Nie Zhiwei, Ma Yiming, Liu Yutian, Huang Xiansong, Liu Zhihong, Yang Peng, Xu Fan, Yin Feng, Li Zigang, Fu Jie, Ren Zhixiang, Zhang Wen-Bin, Chen Jie
School of Electronic and Computer Engineering, Peking University, Shenzhen, China.
Pengcheng Laboratory, Shenzhen, China.
Brief Bioinform. 2025 Jul 2;26(4). doi: 10.1093/bib/bbaf319.

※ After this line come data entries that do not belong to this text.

(* For every real $t$ with $1\leq t\leq n$: $S(t)>0$ if and only if $t>\vartheta^+(G)$.
   Context: Let $G$ be a simple graph with vertex set $V=\{1,\dots,n\}$, edge set $E$ and adjacency matrix $A$. Let $e$ be the all-ones vector, $\langle M,N\rangle=\operatorname{trace}(M^TN)$, and $X\geq 0$ mean entrywise nonnegativity. For real $t$ with $1\leq t\leq n$, $Q(t)$ is the semidefinite program $$\min \tfrac12\langle A,X\rangle\ \text{ s.t. } X\succeq 0,\ X\geq 0,\ \operatorname{trace}(X)=t,\ Xe=t\operatorname{diag}(X)$$ over symmetric $n\times n$ matrices $X$, and $S(t)$ denotes its optimal value. Schrijver's number is $$\vartheta^+(G)=\max\ \operatorname{trace}(X)\ \text{ s.t. } X-xx^T\succeq 0,\ \operatorname{diag}(X)=x,\ X_{i,j}=0\ \forall [i,j]\in E,\ X\geq 0.$$ *)

From HB Require Import structures.
From mathcomp Require Import all_boot all_order all_algebra.
From mathcomp Require Import classical_sets reals.
Set Implicit Arguments. Unset Strict Implicit. Unset Printing Implicit Defensive.
Import Order.TTheory GRing.Theory Num.Theory.
Local Open Scope ring_scope.
Local Open Scope classical_set_scope.

Definition simple_graph (n : nat) (E : rel 'I_n) : Prop :=
  symmetric E /\ irreflexive E.

Definition adjmx (R : realType) (n : nat) (E : rel 'I_n) : 'M[R]_n :=
  \matrix_(i, j) (E i j)%:R.

Definition psd (R : realType) (n : nat) (X : 'M[R]_n) : Prop :=
  X^T = X /\ forall v : 'cV[R]_n, 0 <= (v^T *m X *m v) 0 0.

Definition entrywise_nonneg (R : realType) (n : nat) (X : 'M[R]_n) : Prop :=
  forall i j, 0 <= X i j.

Definition frob (R : realType) (n : nat) (M N : 'M[R]_n) : R := \tr (M^T *m N).

Definition diagv (R : realType) (n : nat) (X : 'M[R]_n) : 'cV[R]_n :=
  \col_i X i i.

Definition onesv (R : realType) (n : nat) : 'cV[R]_n := const_mx 1.

Definition Q_feasible (R : realType) (n : nat) (t : R) (X : 'M[R]_n) : Prop :=
  X^T = X /\ psd X /\ entrywise_nonneg X /\ \tr X = t /\
  X *m onesv R n = t *: diagv X.

Definition S_val (R : realType) (n : nat) (E : rel 'I_n) (t : R) : R :=
  inf [set v : R | exists X : 'M[R]_n,
        Q_feasible t X /\ v = 2^-1 * frob (adjmx R E) X].

Definition theta_plus_feasible (R : realType) (n : nat) (E : rel 'I_n)
    (X : 'M[R]_n) (x : 'cV[R]_n) : Prop :=
  X^T = X /\ psd (X - x *m x^T) /\ diagv X = x /\
  (forall i j, E i j -> X i j = 0) /\ entrywise_nonneg X.

Definition theta_plus (R : realType) (n : nat) (E : rel 'I_n) : R :=
  sup [set v : R | exists (X : 'M[R]_n) (x : 'cV[R]_n),
        theta_plus_feasible E X x /\ v = \tr X].

Arguments S_val R {n} E t.
Arguments theta_plus R {n} E.

(* Deleting the edge entries of a Q(t)-feasible X of edge mass k, adding [2k]
   to its diagonal and scaling by [1/(1 + 4nk)] gives a Schrijver-feasible
   matrix of trace at least [t/(1 + 4nk)]; so [S t = 0] forces
   [theta_plus >= t]. Conversely, if [t <= theta_plus], take Y Schrijver-feasible with trace
   close to t and a nonnegative near-maximiser s of the Rayleigh quotient
   [s^T Y s / sum_i Y_ii s_i^2], whose supremum is at least [tr Y]. Then
   [D_s Y D_s] has row sums almost t times its diagonal; adding a small
   multiple of the all-ones matrix and a nonnegative diagonal repairs this
   exactly, and normalising the trace gives Q(t)-feasible matrices of
   arbitrarily small edge mass. *)

From HB Require Import structures.
From mathcomp Require Import all_boot all_order all_algebra.
From mathcomp Require Import classical_sets reals.
From mathcomp Require Import ring lra.
Import Order.TTheory GRing.Theory Num.Theory.
Local Open Scope ring_scope.
Local Open Scope classical_set_scope.

Lemma quad_discriminant_le (R : realFieldType) (A B C : R) : 0 <= C ->
  (forall x, 0 <= A + 2 * x * B + x ^+ 2 * C) -> B ^+ 2 <= A * C.
Proof.
move=> C_ge0 H; have A_ge0 : 0 <= A by have := H 0; lra.
case: (ltrgt0P C) C_ge0 => // [C_gt0|C0] _.
- have := H (- B / C); have -> : - B / C = - (B / C) by rewrite mulNr.
  have e : B / C * C = B by rewrite divfK ?gt_eqF.
  nra.
- rewrite C0 mulr0; case: (eqVneq B 0) => [->|B_neq0]; first by rewrite expr0n.
  have := H (- (A + 1) / (2 * B)); rewrite C0 mulr0 addr0.
  have -> : 2 * (- (A + 1) / (2 * B)) * B = - (A + 1) by field.
  lra.
Qed.

Lemma sum_delta_l {R : pzSemiRingType} {n : nat} (F : 'I_n -> R) (i : 'I_n) :
  \sum_k (k == i)%:R * F k = F i.
Proof.
rewrite (bigD1 i) //= eqxx mul1r big1 ?addr0 // => k /negbTE ->; exact: mul0r.
Qed.

Section BilinearForms.
Context {R : realFieldType} {n : nat}.
Implicit Types (F G : 'I_n -> 'I_n -> R) (d s u v w : 'I_n -> R).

Predicting the protein stability changes upon mutations is one of the effective ways to improve the efficiency of protein engineering. Here, we propose a dual-view ensemble learning-based framework, DVE-stability, for mutation-induced protein stability change prediction from single sequence. DVE-stability integrates the global and local dependencies of mutations to capture the intramolecular interactions from two views through ensemble learning, in which a structural microenvironment simulation module is designed to indirectly introduce the information of structural microenvironment at the sequence level. DVE-stability achieved state-of-the-art prediction performance on seven single-point mutation benchmark datasets, and comprehensively surpassed other methods on five of them. Furthermore, DVE-stability outperformed other methods comprehensively through zero-shot inference on multiple-point mutation prediction task, demonstrating superior model generalizability to capture the epistasis of multiple-point mutations. More importantly, DVE-stability exhibited superior generalization performance in predicting rare beneficial mutations that are crucial for practical protein directed evolution scenarios. In addition, DVE-stability identified important intramolecular interactions via attention scores, demonstrating interpretable. Overall, DVE-stability provides a flexible and efficient tool for mutation-induced protein stability change prediction in an interpretable ensemble learning manner.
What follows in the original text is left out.